» Dataset entries
(* Let $m\ge 2$. For $i=1,\dots,m$ let $p_i(z)=\sum_{j\ge1}p_{i,j}z^j$ be a power series with nonnegative real coefficients, zero constant term and radius of convergence $R_i>0$. For $n\ge0$ let $$D_n=\sum_{(c_1,\dots,c_m)}\ \prod_{i=1}^m\ \prod_{\ell=1}^{k} p_{i,c_{i,\ell}},$$ where the sum ranges over all $m$-tuples $(c_1,\dots,c_m)$ such that, for some common $k\ge0$, each $c_i=(c_{i,1},\dots,c_{i,k})$ is a composition of $n$ with exactly $k$ parts (a $k$-tuple of positive integers summing to $n$; for $n=0$ only the empty composition with $k=0$ is allowed, contributing $1$). (When all $p_{i,j}\in\{0,1\}$, $D_n$ is the number of $m$-tuples of compositions of $n$, the $i$-th one having all its parts in $\mathcal P_i=\{j: p_{i,j}=1\}$, all having the same number of parts.) Let $D(z)=\sum_{n\ge0}D_nz^n$. Fix radii $r_2,\dots,r_m>0$ with $1/r_i<R_i$ for $i=2,\dots,m$. Then there is $\delta>0$ such that for all complex $z$ with $|z|<\delta$ the series $D(z)$ converges and $$D(z)=\frac{1}{(2i\pi)^{m-1}}\oint\cdots\oint \frac{1}{1-p_1(z\,t_2\cdots t_m)\,p_2(1/t_2)\cdots p_m(1/t_m)}\,\frac{dt_2}{t_2}\cdots\frac{dt_m}{t_m},$$ where each $t_j$ runs counterclockwise over the circle $|t_j|=r_j$. *)

From Stdlib Require Import Reals List.
From Coquelicot Require Import Coquelicot.
Import ListNotations.
Open Scope R_scope.

Fixpoint compositions (k n : nat) : list (list nat) :=
  match k with
  | O => match n with O => [[]] | S _ => [] end
  | S k' => flat_map (fun j => map (fun c => j :: c) (compositions k' (n - j)))
                     (seq 1 n)
  end.

Fixpoint tuples {A : Type} (m : nat) (l : list A) : list (list A) :=
  match m with
  | O => [[]]
  | S m' => flat_map (fun x => map (fun t => x :: t) (tuples m' l)) l
  end.

Definition Rsum (l : list R) : R := fold_right Rplus 0 l.
Definition Rprod (l : list R) : R := fold_right Rmult 1 l.

(** Weight of an m-tuple of compositions (c_1,...,c_m): the i-th composition
    (i = 1..m) contributes prod_l p i (c_{i,l}). *)
Definition tuple_weight (p : nat -> nat -> R) (cs : list (list nat)) : R :=
  Rprod (map (fun i => Rprod (map (p (i + 1)%nat) (nth i cs [])))
             (seq 0 (length cs))).

(** D_n: sum over all m-tuples of compositions of n having a common number k
    of parts.  Since a composition of n has at most n parts (and k = 0 only
    for n = 0), k ranges over 0..n. *)
Definition Dcoef (m : nat) (p : nat -> nat -> R) (n : nat) : R :=
  Rsum (map (fun k => Rsum (map (tuple_weight p) (tuples m (compositions k n))))
            (seq 0 (S n))).

Definition pser_partial (a : nat -> R) (z : C) (N : nat) : C :=
  @sum_n C_AbelianMonoid (fun j => Cmult (RtoC (a j)) (@pow_n C_Ring z j)) N.
Definition pser (a : nat -> R) (z : C) : C :=
  (real (Lim_seq (fun N => fst (pser_partial a z N))),
   real (Lim_seq (fun N => snd (pser_partial a z N)))).

Definition Cprod (l : list C) : C := fold_right Cmult (RtoC 1) l.

Definition circ (r th : R) : C := (r * cos th, r * sin th).
Definition circ' (r th : R) : C := (- (r * sin th), r * cos th).

Definition contour_circle (r : R) (f : C -> C) : C :=
  @RInt C_R_CompleteNormedModule (fun th => Cmult (f (circ r th)) (circ' r th))
        0 (2 * PI).

(** Iterated contour integrals over circles of radii rs (first radius is the
    outermost integral); the variables are passed to F as a list. *)
Fixpoint iter_contour (rs : list R) (F : list C -> C) : C :=
  match rs with
  | [] => F []
  | r :: rs' => contour_circle r (fun t => iter_contour rs' (fun ts => F (t :: ts)))
  end.

(** The integrand 1/(1 - p1(z t2..tm) p2(1/t2)...pm(1/tm)) * 1/(t2...tm),
    where ts = [t_2; ...; t_m]. *)
Definition integrand (m : nat) (p : nat -> nat -> R) (z : C) (ts : list C) : C :=
  Cmult
    (Cinv (Cminus (RtoC 1)
       (Cmult (pser (p 1%nat) (Cmult z (Cprod ts)))
              (Cprod (map (fun j => pser (p (j + 2)%nat) (Cinv (nth j ts (RtoC 1))))
                          (seq 0 (m - 1)))))))
    (Cprod (map Cinv ts)).

From Stdlib Require Import Reals List Lia Lra FunctionalExtensionality.
From Coquelicot Require Import Coquelicot.
Import ListNotations.
Open Scope R_scope.

(** For small [|z|] the kernel [K = p_1(z t_2...t_m) p_2(1/t_2)...p_m(1/t_m)] is at most
    [1/2] on the torus, so [1/(1-K) = sum_k K^k] uniformly there and the integral is the sum
    of the integrals of [K^k dt_2/t_2 ... dt_m/t_m].  Expanding [p_1(z t_2...t_m)^k] in powers
    of [z] separates the variables, and over a circle [t^n p_i(1/t)^k dt/t] integrates to
    [2 i pi] times the coefficient of [z^n] in [p_i(z)^k].  So the [k]-th integral is
    [(2 i pi)^(m-1) sum_n E_(k,n) z^n] with [E_(k,n) = prod_i [z^n] p_i(z)^k], while
    [D_n = sum_k E_(k,n)] since a composition of [n] into [k] parts is a term of [p_i(z)^k].
    The double series is summed using [E_(k,n) (2|z|)^n <= 2^-k], read off from the same
    representation at the real point [2|z|]. *)

(** * Compositions and coefficients of powers *)

(** Coefficient of [z ^ n] in [(sum_j a j z ^ j) ^ k]. *)
Fixpoint pow_coef (a : nat -> R) (k n : nat) : R :=
  match k with
  | O => if Nat.eqb n 0 then 1 else 0
  | S k' => sum_f_R0 (fun j => a j * pow_coef a k' (n - j)) n
  end.

Lemma pow_coef_nonneg a : (forall j, 0 <= a j) -> forall k n, 0 <= pow_coef a k n.
Proof.
  intros Ha k; induction k as [|k IH]; intros n; simpl.
  - destruct (Nat.eqb n 0); lra.
  - apply cond_pos_sum; intros j; apply Rmult_le_pos; auto.
Qed.

Lemma pow_coef_lt a : a 0%nat = 0 -> forall k n, (n < k)%nat -> pow_coef a k n = 0.
Proof.
  intros Ha0 k; induction k as [|k IH]; intros n Hn; [lia|simpl].
  rewrite (sum_eq _ (fun _ => 0)).
  - clear; induction n; simpl; lra.
  - intros [|j] Hj; [rewrite Ha0; ring|rewrite IH by lia; ring].
Qed.

Lemma Rsum_app l1 l2 : Rsum (l1 ++ l2) = Rsum l1 + Rsum l2.
Proof. induction l1 as [|x l IH]; simpl; [ring|rewrite IH; ring]. Qed.

Lemma Rsum_flat_map {A B} (f : A -> list B) (g : B -> R) l :
  Rsum (map g (flat_map f l)) = Rsum (map (fun x => Rsum (map g (f x))) l).
Proof. induction l as [|x l IH]; simpl; auto. rewrite map_app, Rsum_app, IH; auto. Qed.

Lemma Rsum_scal_l {A} (g : A -> R) c l :
  Rsum (map (fun x => c * g x) l) = c * Rsum (map g l).
Proof. induction l as [|x l IH]; simpl; [ring|rewrite IH; ring]. Qed.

» WHAT IS NEEDED
Write down again, exactly as given, only the lines above that fall from the line with "Lemma pow_coef_nonneg a" to the line with "- clear; induction n; simpl; lra.", inclusive.

» RESULT FOR THIS TASK
Lemma pow_coef_nonneg a : (forall j, 0 <= a j) -> forall k n, 0 <= pow_coef a k n.
Proof.
  intros Ha k; induction k as [|k IH]; intros n; simpl.
  - destruct (Nat.eqb n 0); lra.
  - apply cond_pos_sum; intros j; apply Rmult_le_pos; auto.
Qed.

Lemma pow_coef_lt a : a 0%nat = 0 -> forall k n, (n < k)%nat -> pow_coef a k n = 0.
Proof.
  intros Ha0 k; induction k as [|k IH]; intros n Hn; [lia|simpl].
  rewrite (sum_eq _ (fun _ => 0)).
  - clear; induction n; simpl; lra.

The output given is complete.